Williams and the survivors of his company feared they would be killed if they returned to their homes in rebel territory. They went to southwestern Missouri, where they scouted for the Union army, occasionally making forays into northern Arkansas. In late summer 1863, Union forces took Little Rock (Pulaski County) and moved up the Arkansas River to Fort Smith (Sebastian County). Williams’s band traveled with Union troops to central Arkansas and home. In September, General Frederick Steele authorized the Union men of Conway County to form an independent company, to protect themselves from rebel threats. During the following seventeen months, Williams led his men in a guerrilla war against bands of rebels in north-central Arkansas.

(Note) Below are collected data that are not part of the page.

Lemma integral_conv (a c t : R) s : 0 <= t ->
  \int[mu]_(u in `[0, t]) (expR (c + a * u) * expoly s (t - u))
  = expR c * expoly (conv_expoly a s) t.
Proof.
move=> t0.
pose F u := expR c * \sum_(x <- s) x.1.1 * prim a x.1.2 x.2 t u.
have dF (x : R) : is_derive x 1 F (expR (c + a * x) * expoly s (t - x)).
  apply: is_derive_eq (isd_scale _ (is_derive_sum_prim a t x s)) _.
  rewrite expRD /expoly -mulrA !big_distrr; apply: eq_bigr => y _ /=; ring.
have df (x : R) : derivable (fun u => expR (c + a * u) * expoly s (t - u)) x 1.
  apply: derivableM; last exact: derivable_expoly_rev.
  by case: (isd_exp (isd_add (isd_cst c x) (isd_scale a (isd_id x)))).
rewrite (integral_primitive t0 dF df) /F -mulrBr -sumrB expoly_conv.
by congr (_ * _); apply: eq_bigr => -[[c' k] j] _; rewrite -mulrBr prim_increment.
Qed.

Definition exp_affine (ys : seq R) (c : R) (xs : seq R) : R :=
  expR (c + \sum_(i < size ys) ys`_i * xs`_i).

(* The exponential polynomial t |-> simplex integral of exp <ys, x> over the simplex
   of size t, obtained by one convolution per variable. *)
Fixpoint simplex_expoly (ys : seq R) : seq (R * R * nat) :=
  match ys with
  | [::] => [::]
  | y :: ys' => if ys' is [::] then [:: (1, y, 0%N)] else conv_expoly y (simplex_expoly ys')
  end.

Lemma simplex_int_exp_affine k (ys : seq R) (c t : R) : size ys = k.+1 -> 0 <= t ->
  simplex_int k t (exp_affine ys c) = expR c * expoly (simplex_expoly ys) t.
Proof.
elim: k ys c t => [|k IH] [|y ys] c t //=.
  case: ys => // _ _; rewrite /exp_affine /= big_ord_recl big_ord0 addr0 /expoly big_seq1.
  by rewrite /expmon /= expr0 fact0 divr1 !mul1r expRD [t * y]mulrC.
case: ys => [//|y' ys] [sz] t0; set ys' := y' :: ys.
have shift_first u : (fun xs => exp_affine (y :: ys') c (u :: xs)) = exp_affine ys' (c + y * u).
  apply/funext => xs; rewrite /exp_affine /= big_ord_recl /= addrA.
  by congr (expR (_ + _)); apply: eq_bigr => i _.
transitivity (\int[mu]_(u in `[0, t]) (expR (c + y * u) * expoly (simplex_expoly ys') (t - u)));
  last by rewrite integral_conv.
apply: eq_Rintegral => u; rewrite inE /= in_itv /= => /andP[_ ut].
by rewrite shift_first IH //= ?sz // subr_ge0.
Qed.

End ExpPolynomials.

(* The derivatives at 0 of an exponential polynomial, computed formally. They satisfy
   the recurrences of the convolution g = conv_expoly a f, namely g(0) = 0 and
   g' = a g + f, which pins down the initial derivatives of the simplex integral. *)
Section InitialDerivatives.
Variable R : realType.

(* The k-th derivative at 0 of expmon q j. *)
Definition der0_mon (k : nat) (q : R) (j : nat) : R := ('C(k, j))%:R * q ^+ (k - j).

Definition der0 (k : nat) (s : seq (R * R * nat)) : R :=
  \sum_(x <- s) x.1.1 * der0_mon k x.1.2 x.2.

Lemma der0_mon00 q : der0_mon 0 q 0 = 1.
Proof. by rewrite /der0_mon bin0 expr0 mulr1. Qed.

Lemma der0_mon0S q j : der0_mon 0 q j.+1 = 0.
Proof. by rewrite /der0_mon bin0n mul0r. Qed.

Lemma der0_monS0 k q : der0_mon k.+1 q 0 = q * der0_mon k q 0.
Proof. by rewrite /der0_mon !bin0 !subn0 exprS; ring. Qed.

Lemma der0_monSS k q j :
  der0_mon k.+1 q j.+1 = q * der0_mon k q j.+1 + der0_mon k q j.
Proof.
rewrite /der0_mon binS natrD subSS mulrDl; congr (_ + _).
case: (ltnP j k) => jk; first by rewrite -(subnSK jk) exprS; ring.
by rewrite bin_small ?ltnS // !mul0r mulr0.
Qed.

Lemma der0_cat k s1 s2 : der0 k (s1 ++ s2) = der0 k s1 + der0 k s2.
Proof. by rewrite /der0 big_cat. Qed.

Lemma der0_rcons k s x : der0 k (rcons s x) = der0 k s + x.1.1 * der0_mon k x.1.2 x.2.
Proof. by rewrite -cats1 der0_cat /der0 big_seq1. Qed.

Lemma der0_conv_distinct (a q : R) j : a != q -> forall c,
  der0 0 (conv_distinct a q c j) = 0 /\
  forall k, der0 k.+1 (conv_distinct a q c j)
            = a * der0 k (conv_distinct a q c j) + c * der0_mon k q j.
Proof.
move=> aq; have d0 : a - q != 0 by rewrite subr_eq0.
elim: j => [|j IH] c.
  rewrite /der0 /= !big_cons !big_nil /= !der0_mon00; split=> [|k]; first by ring.
  by rewrite !big_cons !big_nil /= !der0_monS0; field.
have [IH0 IHS] := IH (c / (a - q)).
rewrite /= der0_rcons IH0 /= der0_mon0S; split=> [|k]; first by ring.
by rewrite !der0_rcons IHS /= der0_monSS; field.
Qed.

Lemma der0_conv (a : R) s :
  der0 0 (conv_expoly a s) = 0 /\
  forall k, der0 k.+1 (conv_expoly a s) = a * der0 k (conv_expoly a s) + der0 k s.
Proof.
elim: s => [|x s [IH0 IHS]].
  by rewrite /conv_expoly /der0 /= !big_nil; split => // k; rewrite !big_nil mulr0 addr0.
have [X0 XS] : der0 0 (conv_term a x) = 0 /\
  forall k, der0 k.+1 (conv_term a x) = a * der0 k (conv_term a x) + x.1.1 * der0_mon k x.1.2 x.2.
  rewrite /conv_term; case: eqP => [<-|/eqP ax]; last exact: der0_conv_distinct.
  rewrite /der0 !big_seq1 /= der0_mon0S mulr0; split => // k.
  by rewrite !big_seq1 /= der0_monSS; ring.
rewrite /conv_expoly /= -/(conv_expoly a s) !der0_cat X0 IH0 addr0; split => // k.
by rewrite !der0_cat XS IHS /der0 big_cons; ring.
Qed.

Lemma der0_simplex (ys : seq R) k : (k < size ys)%N ->
  der0 k (simplex_expoly ys) = (k == (size ys).-1)%:R.
Proof.
elim: ys k => [//|y [|y' ys] IH] k.
  by case: k => //= _; rewrite /der0 big_seq1 /= der0_mon00 mulr1.
have [C0 CS] := der0_conv y (simplex_expoly (y' :: ys)).
rewrite [size _]/=; elim: k => [|k IHk] hk; first by rewrite C0.
rewrite /= CS IHk 1?ltnW // IH //= (_ : (k == (size ys).+1) = false) ?mulr0 ?add0r //.
by apply/negbTE; rewrite neq_ltn -ltnS hk.
Qed.

Lemma conv_distinct_mem (a q : R) j c x : x \in conv_distinct a q c j ->
  (x.1.2 = a /\ x.2 = 0%N) \/ (x.1.2 = q /\ (x.2 <= j)%N).
Proof.
elim: j c => [|j IH] c; first by rewrite !inE => /orP[] /eqP -> /=; [left|right].
rewrite /= mem_rcons inE => /orP[/eqP -> /=|/IH]; first by right.
by case=> [h|[h1 h2]]; [left | right; split => //; apply: leq_trans h2 _].
Qed.

Lemma simplex_expoly_deg (ys : seq R) x : x \in simplex_expoly ys ->
  (x.2 < count (pred1 x.1.2) ys)%N.
Proof.
elim: ys x => [//|y [|y' ys] IH] x; first by rewrite inE => /eqP -> /=; rewrite eqxx.
move=> /flatten_mapP [x0 /IH deg0]; rewrite [count _ (y :: _)]/= /conv_term.
case: eqP => [yx|/eqP yx]; first by rewrite inE => /eqP -> /=; rewrite yx eqxx add1n ltnS.
move=> /conv_distinct_mem [[-> ->]|[-> h]] /=; first by rewrite eqxx.
by rewrite (negbTE yx) add0n; apply: leq_ltn_trans h deg0.
Qed.

End InitialDerivatives.

Section HasseDerivatives.
Variable R : comNzRingType.

Lemma nderivn_mulXsubC (p : {poly R}) c j :
  (p * ('X - c%:P))^`N(j.+1) = p^`N(j) + p^`N(j.+1) * ('X - c%:P).
Proof.
have -> : p * ('X - c%:P) = (p * 'X + 0%:P) - c *: p.
  by rewrite polyC0 addr0 mulrBr -mul_polyC [c%:P * p]mulrC.
rewrite linearB /= nderivnMXaddC nderivnZ mulrBr -addrA; congr (_ + _).
by rewrite -mul_polyC [c%:P * _]mulrC.
Qed.

Lemma horner_nderivn_mulXsubCn (p : {poly R}) c m j :
  ((p * ('X - c%:P) ^+ m)^`N(j)).[c] = if (j < m)%N then 0 else (p^`N(j - m)).[c].
Proof.
elim: m j => [|m IH] j; first by rewrite expr0 mulr1 subn0.
rewrite exprSr mulrA; case: j => [|j].
  by rewrite nderivn0 hornerM hornerXsubC subrr mulr0.
by rewrite nderivn_mulXsubC hornerD hornerM hornerXsubC subrr mulr0 addr0 IH.
Qed.

End HasseDerivatives.

Lemma sum_count_uniq (T : eqType) (dv ys : seq T) : uniq dv -> {subset ys <= dv} ->
  (\sum_(k <- dv) count (pred1 k) ys)%N = size ys.
Proof.
move=> udv sub; rewrite -sum1_size.
under eq_bigr => k _ do rewrite -sum1_count big_mkcond /=.
rewrite exchange_big /=; apply: eq_big_seq => x /sub xdv.
by rewrite -big_mkcond sum1_count (eq_count (fun k => eq_sym x k)) count_uniq_mem // xdv.
Qed.

(* Combinatorics of the column labels (i, j) of M(y, c): the columns form s consecutive
   blocks, block i having m_i columns starting at [block_start i]. *)
Section ColumnLabels.
Variable R : realType.
Variables (n : nat) (y : 'I_n -> R).

Local Notation vals := [seq y i | i <- enum 'I_n].
Local Notation dv := (distinct_vals y).
Local Notation s := (nvals y).
Local Notation m := (mult y).
Local Notation lab := (col_labels y).

Lemma distinct_vals_uniq : uniq dv.
Proof. by rewrite /distinct_vals sort_uniq undup_uniq. Qed.

Lemma mem_distinct_vals x : (x \in dv) = (x \in vals).
Proof. by rewrite /distinct_vals mem_sort mem_undup. Qed.

Lemma mult_count i : m i = count (pred1 (kap y i)) vals.
Proof. by rewrite /mult [RHS]count_map. Qed.

Lemma size_col_labels : size lab = n.
Proof.
rewrite /col_labels size_allpairs_dep sumnE big_map.
transitivity (\sum_(k <- dv) count (pred1 k) vals)%N; last first.
  rewrite sum_count_uniq; [by rewrite size_map size_enum_ord | exact: distinct_vals_uniq |].
  by move=> u; rewrite mem_distinct_vals.
rewrite [RHS](big_nth 0) /index_iota subn0; apply: eq_bigr => i _.
by rewrite size_iota mult_count.
Qed.

Lemma mem_col_labels i j : ((i, j) \in lab) = (i < s)%N && (j < m i)%N.
Proof.
apply/allpairsPdep/andP.
  by move=> [i' [j' [hi hj [-> ->]]]]; move: hi hj; rewrite !mem_iota.
by move=> [hi hj]; exists i, j; rewrite !mem_iota.
Qed.

Lemma col_labels_uniq : uniq lab.
Proof.
apply: allpairs_uniq_dep; first exact: iota_uniq.
  by move=> i _; exact: iota_uniq.
by move=> [i1 j1] [i2 j2] _ _ /= [-> ->].
Qed.

Definition block_start (i : nat) : nat := (\sum_(i' < i) m i')%N.

Lemma nth_col_labels i j : (i < s)%N -> (j < m i)%N ->
  nth (0%N, 0%N) lab (block_start i + j) = (i, j) /\ (block_start i + j < n)%N.
Proof.
move=> hi hj.
have hiota : iota 0 s = iota 0 i ++ i :: iota i.+1 (s - i.+1).
  by rewrite -{1}(subnKC (ltnW hi)) -subnSK // iotaD.
pose blocks k l := flatten [seq [seq (i', j') | j' <- iota 0 (m i')] | i' <- iota k l].
have split_lab : lab = blocks 0 i ++ [seq (i, j') | j' <- iota 0 (m i)] ++ blocks i.+1 (s - i.+1)%N.
  by rewrite /col_labels hiota map_cat flatten_cat.
have spre : size (blocks 0 i) = block_start i.
  rewrite size_allpairs_dep /block_start sumnE big_map -(big_mkord xpredT m).
  by rewrite /index_iota subn0; apply: eq_bigr => k _; rewrite size_iota.
split; first by rewrite split_lab nth_cat spre ltnNge leq_addr /= addKn nth_cat
  size_map size_iota hj (nth_map 0%N) ?size_iota // nth_iota.
rewrite -size_col_labels split_lab !size_cat spre size_map size_iota ltn_add2l.
exact: ltn_addr hj.
Qed.

Lemma col_label_block (col : nat) : (col < n)%N ->
  let ij := nth (0%N, 0%N) lab col in
  [/\ (ij.1 < s)%N, (ij.2 < m ij.1)%N & col = (block_start ij.1 + ij.2)%N].
Proof.
move=> hc /=.
have : nth (0%N, 0%N) lab col \in lab by rewrite mem_nth // size_col_labels.
case E : (nth (0%N, 0%N) lab col) => [i j]; rewrite mem_col_labels => /andP[hi hj].
split => //; have [h1 h2] := nth_col_labels hi hj.
apply/eqP; rewrite -(nth_uniq (0%N, 0%N) _ _ col_labels_uniq) ?size_col_labels //.
by rewrite h1 E.
Qed.

(* The value of column l: kappa_i repeated m_i times, block after block. *)
Definition node (l : nat) : R := kap y (nth (0%N, 0%N) lab l).1.

Lemma node_block i j : (i < s)%N -> (j < m i)%N -> node (block_start i + j) = kap y i.
Proof. by move=> hi hj; rewrite /node (nth_col_labels hi hj).1. Qed.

Called variously Williams’s Raiders or Williams’s Company of Scouts and Spies, the men scouted for the Third Arkansas Union Cavalry, garrisoned at Lewisburg (Conway County).

Williams’s main foe was Colonel Alan R. Witt, who led a band of ragtag Confederates based around Quitman (Cleburne and Faulkner counties), located about twenty miles east of Williams’s farm near present-day Center Ridge (Conway County). In the last two years of the war, Witt’s and Williams’s companies waged an on-going feud, as did families in the area known to be sympathetic to either side.

On the night of February 12, 1865, approximately sixty members of Witt’s band surrounded Williams’s home. They shot and killed him when he opened the door. He is buried in Grandview Cemetery near Center Ridge.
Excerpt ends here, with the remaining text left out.